Department of Medical Engineering and Biotechnology, University of Applied Sciences Jena, Germany.
Med Eng Phys. 2013 Mar;35(3):376-82. doi: 10.1016/j.medengphy.2012.06.002. Epub 2012 Jul 2.
Today atrial fibrillation (AF) is the most common cardiac arrhythmia in clinical practice accounting for approximately one third of hospitalizations and accompanied with a 5 fold increased risk for ischemic stroke and a 1.5 fold increased mortality risk. The role of the cardiac regulation system in AF recurrence after electrical cardioversion (CV) is still unclear. The aim of this study was to investigate the autonomic regulation by analyzing the interaction between heart rate and blood pressure using novel methods of nonlinear interaction dynamics, namely joint symbolic dynamics (JSD) and segmented Poincaré plot analysis (SPPA). For the first time, we applied SPPA to analyze the interaction between two time series. Introducing a parameter set of two indices, one derived from JSD and one from SPPA, the linear discriminant function analysis revealed an overall accuracy of 89% (sensitivity 91.7%, specificity 86.7%) for the classification between patients with stable sinus rhythm (group SR, n = 15) and with AF recurrence (group REZ, n = 12). This study proves that the assessment of the autonomic regulation by analyzing the coupling of heart rate and systolic blood pressure provides a potential tool for the prediction of AF recurrence after CV and could aid in the adjustment of therapeutic options for patients with AF.

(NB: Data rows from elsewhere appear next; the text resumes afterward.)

(* Let $G$ be a group and $k\in\mathbb{N}$, and suppose $[\overline{G}_k:\overline{G}_{k+1}]<\infty$. Then $\bigcap_{i=1}^\infty\overline{G}_i=\overline{G}_k$.
   Context: The lower central series is $G_1=G$, $G_{i+1}=[G,G_i]$, where $[x,y]=x^{-1}y^{-1}xy$ and $[A,B]=\langle[a,b]:a\in A,b\in B\rangle$. The generalised commutator subgroups are $\overline{G}_k=\{g\in G:\exists n\in\mathbb{N},\ g^n\in G_k\}$ (these are subgroups, decreasing in $k$). *)

From Stdlib Require Import List Arith.

Record Group := {
  carrier :> Type;
  gmul : carrier -> carrier -> carrier;
  gone : carrier;
  ginv : carrier -> carrier;
  gmul_assoc : forall x y z, gmul x (gmul y z) = gmul (gmul x y) z;
  gmul_1l : forall x, gmul gone x = x;
  gmul_Vl : forall x, gmul (ginv x) x = gone
}.

Arguments gmul {g}.
Arguments gone {g}.
Arguments ginv {g}.

Definition comm {G : Group} (x y : G) : G :=
  gmul (ginv x) (gmul (ginv y) (gmul x y)).

Fixpoint gpow {G : Group} (g : G) (n : nat) : G :=
  match n with 0 => gone | S m => gmul g (gpow g m) end.

Inductive gen {G : Group} (S : G -> Prop) : G -> Prop :=
| gen_base : forall x, S x -> gen S x
| gen_one : gen S gone
| gen_mul : forall x y, gen S x -> gen S y -> gen S (gmul x y)
| gen_inv : forall x, gen S x -> gen S (ginv x).

Definition commsub {G : Group} (A B : G -> Prop) : G -> Prop :=
  gen (fun g => exists a b, A a /\ B b /\ g = comm a b).

(* Lower central series, indexed from 1: lcs 1 = G, lcs (i+1) = [G, lcs i].
   (lcs 0 is also set to G, a harmless convention; only i >= 1 is used.) *)
Fixpoint lcs (G : Group) (n : nat) : G -> Prop :=
  match n with
  | 0 => fun _ => True
  | 1 => fun _ => True
  | S m => commsub (fun _ => True) (lcs G m)
  end.

Definition glcs (G : Group) (k : nat) : G -> Prop :=
  fun g => exists n, 1 <= n /\ lcs G k (gpow g n).

(* For B <= A, [A : B] < oo: A is covered by finitely many left cosets
   x B with x in A. *)
Definition finite_index {G : Group} (A B : G -> Prop) : Prop :=
  exists l : list G, (forall x, In x l -> A x) /\
    forall a, A a -> exists x, In x l /\ B (gmul (ginv x) a).

(* Elements c of G_k (k >= 1) are central modulo G_{k+1}, so (u c)^n and
   u^n c^n agree modulo G_{k+1}; hence if u and u c both have a power in
   G_{k+1}, so does c.  Finite index puts two powers g^i, g^j (i < j) of
   g in G_k into one coset x (G_{k+1})-bar, and u = x^-1 g^i, c = g^(j-i) show
   that G_k / G_{k+1} is torsion.  Torsion propagates down the series, since
   [a, b]^n = [a, b^n] modulo G_{j+2} and G_{j+1} / G_{j+2} is abelian and
   generated by the classes of the [a, b] with b in G_j.  So every element of
   (G_k)-bar has a power in every G_i. *)
From Stdlib Require Import List Arith Lia Permutation.

Section GroupLaws.
Context {G : Group}.
Implicit Types x y z : G.

Lemma mul1g x : gmul gone x = x.
Proof. apply gmul_1l. Qed.

Lemma mulVg x : gmul (ginv x) x = gone.
Proof. apply gmul_Vl. Qed.

Lemma mulgA x y z : gmul (gmul x y) z = gmul x (gmul y z).
Proof. symmetry; apply gmul_assoc. Qed.

Lemma mulKg x z : gmul (ginv x) (gmul x z) = z.
Proof. rewrite gmul_assoc, mulVg, mul1g; reflexivity. Qed.

Lemma mulgV x : gmul x (ginv x) = gone.
Proof.
  rewrite <- (mul1g (gmul x (ginv x))), <- (mulVg (ginv x)) at 1.
  rewrite mulgA, (gmul_assoc _ (ginv x) x), mulVg, mul1g, mulVg; reflexivity.
Qed.

Lemma mulg1 x : gmul x gone = x.
Proof. rewrite <- (mulVg x), gmul_assoc, mulgV, mul1g; reflexivity. Qed.

Lemma mulKVg x z : gmul x (gmul (ginv x) z) = z.
Proof. rewrite gmul_assoc, mulgV, mul1g; reflexivity. Qed.

Lemma invg_unique x y : gmul x y = gone -> ginv x = y.
Proof. intro H. rewrite <- (mulg1 (ginv x)), <- H, mulKg; reflexivity. Qed.

Lemma invgK x : ginv (ginv x) = x.
Proof. apply invg_unique, mulVg. Qed.

Lemma invg1 : ginv (@gone G) = gone.
Proof. apply invg_unique, mul1g. Qed.

Lemma invMg x y : ginv (gmul x y) = gmul (ginv y) (ginv x).
Proof. apply invg_unique. rewrite mulgA, mulKVg, mulgV; reflexivity. Qed.

End GroupLaws.

Create HintDb gsimpl.
#[export] Hint Rewrite @mulgA @mul1g @mulg1 @mulVg @mulgV @mulKg @mulKVg
  @invgK @invg1 @invMg : gsimpl.

Ltac gsimpl :=
  unfold comm; autorewrite with gsimpl; try reflexivity; try (intro; assumption).

Section Powers.
Context {G : Group}.

Lemma gpowD (g : G) a b : gpow g (a + b) = gmul (gpow g a) (gpow g b).
Proof. induction a; simpl; [|rewrite IHa]; gsimpl. Qed.

Lemma gpowM (g : G) a b : gpow (gpow g a) b = gpow g (a * b).
Proof.
  induction b; simpl.
  - rewrite Nat.mul_0_r; reflexivity.
  - rewrite IHb, Nat.mul_succ_r, Nat.add_comm, gpowD; reflexivity.
Qed.

Lemma gpow_commute (g : G) n : gmul g (gpow g n) = gmul (gpow g n) g.
Proof.
  change (gmul g (gpow g n)) with (gpow g (1 + n)).
  rewrite Nat.add_comm, gpowD; simpl; gsimpl.
Qed.

Lemma gpowV (g : G) n : gpow (ginv g) n = ginv (gpow g n).
Proof. induction n; simpl; [|rewrite IHn, gpow_commute]; gsimpl. Qed.

Lemma gpow1 (g : G) : gpow g 1 = g.
Proof. simpl; gsimpl. Qed.

End Powers.

Lemma pigeonhole_seq {A : Type} (l : list A) (R : nat -> A -> Prop) :
  (forall i, i <= length l -> exists x, In x l /\ R i x) ->
  exists i j x, i < j /\ R i x /\ R j x.
Proof.
  intro Hl.
  destruct (@Permutation_pigeonhole_rel _ _ R (seq 0 (S (length l))) l)
    as [i [j [r [Hperm [x [_ [Hi Hj]]]]]]].
  - apply Forall_forall; intros i Hi%in_seq.
    destruct (Hl i ltac:(lia)) as [x Hx]; apply Exists_exists; eauto.
  - rewrite length_seq; lia.
  - assert (Hij : i <> j).
    { intros <-.
      pose proof (Permutation_NoDup Hperm (seq_NoDup _ _)) as [Hnot _]%NoDup_cons_iff.
      apply Hnot; left; reflexivity. }
    destruct (Nat.lt_total i j) as [Hlt|[Heq|Hgt]]; [|contradiction|].
    + exists i, j, x; auto.
    + exists j, i, x; auto.
Qed.
Definition eigenspace_pred n (M : 'M[R[i]]_n) (mu : R[i]) (v : 'cV[R[i]]_n) : Prop :=
  M *m v = mu *: v.

Definition orth_proj_onto n (P : 'M[R[i]]_n) (S : 'cV[R[i]]_n -> Prop) : Prop :=
  [/\ hermitian_op P, P *m P = P & forall v, S v <-> P *m v = v].

(* the eigenvalues of M with multiplicity: the roots of its characteristic
   polynomial *)
Definition eigen_roots n (M : 'M[R[i]]_n) : seq R[i] :=
  sval (closed_field_poly_normal (char_poly M)).

(* spectral radius = max |a| over eigenvalues a (0 for n = 0) *)
Definition spectral_radius n (M : 'M[R[i]]_n) : R[i] :=
  \big[Num.max/0]_(a <- eigen_roots M) `|a|.

End Defs.

(* Let [U A w = z w] with [w != 0], and split [w = x + y] where [x = P w] lies
   in the top eigenspace of [A] and [y] is orthogonal to it.  As [U] is
   unitary, [|z|^2 (|x|^2 + |y|^2) = |A w|^2 <= |x|^2 + lam^2 |y|^2].
   Projecting [U A w = z w] onto the top eigenspace gives
   [z x = P U x + P U A y], whence
   [|z|^2 |x|^2 <= (1 + t) d^2 |x|^2 + (1 + 1/t) lam^2 |y|^2] for all [t > 0].
   If [|z|] were close to [1], the first inequality would force [y] to be
   small compared with [x] and the second [x] small compared with [y]; made
   quantitative, this bounds [|z|^2] by [1 - delta(lam, d)]. *)

From mathcomp Require Import all_boot all_order all_algebra.
From mathcomp Require Import complex reals.
From mathcomp Require Import ring lra.
Set Implicit Arguments. Unset Strict Implicit. Unset Printing Implicit Defensive.
Import Order.TTheory GRing.Theory Num.Theory.
Local Open Scope complex_scope.
Local Open Scope ring_scope.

目前,心房颤动(AF)是临床实践中最常见的心律失常,约占住院患者的三分之一,其缺血性卒中风险增加 5 倍,死亡率风险增加 1.5 倍。心脏调节系统在电复律(CV)后 AF 复发中的作用尚不清楚。本研究旨在通过分析心率和血压之间的相互作用,应用非线性相互作用动力学的新方法,即联合符号动力学(JSD)和分段庞加莱图分析(SPPA),来研究自主神经调节。我们首次将 SPPA 应用于分析两个时间序列之间的相互作用。通过引入一组两个指数的参数,一个来自 JSD,另一个来自 SPPA,线性判别函数分析显示,稳定窦性节律组(n = 15)和 AF 复发组(n = 12)之间的分类总体准确率为 89%(敏感性 91.7%,特异性 86.7%)。这项研究证明,通过分析心率和收缩压的耦合来评估自主神经调节,为 CV 后 AF 复发的预测提供了一种潜在的工具,并有助于调整 AF 患者的治疗选择。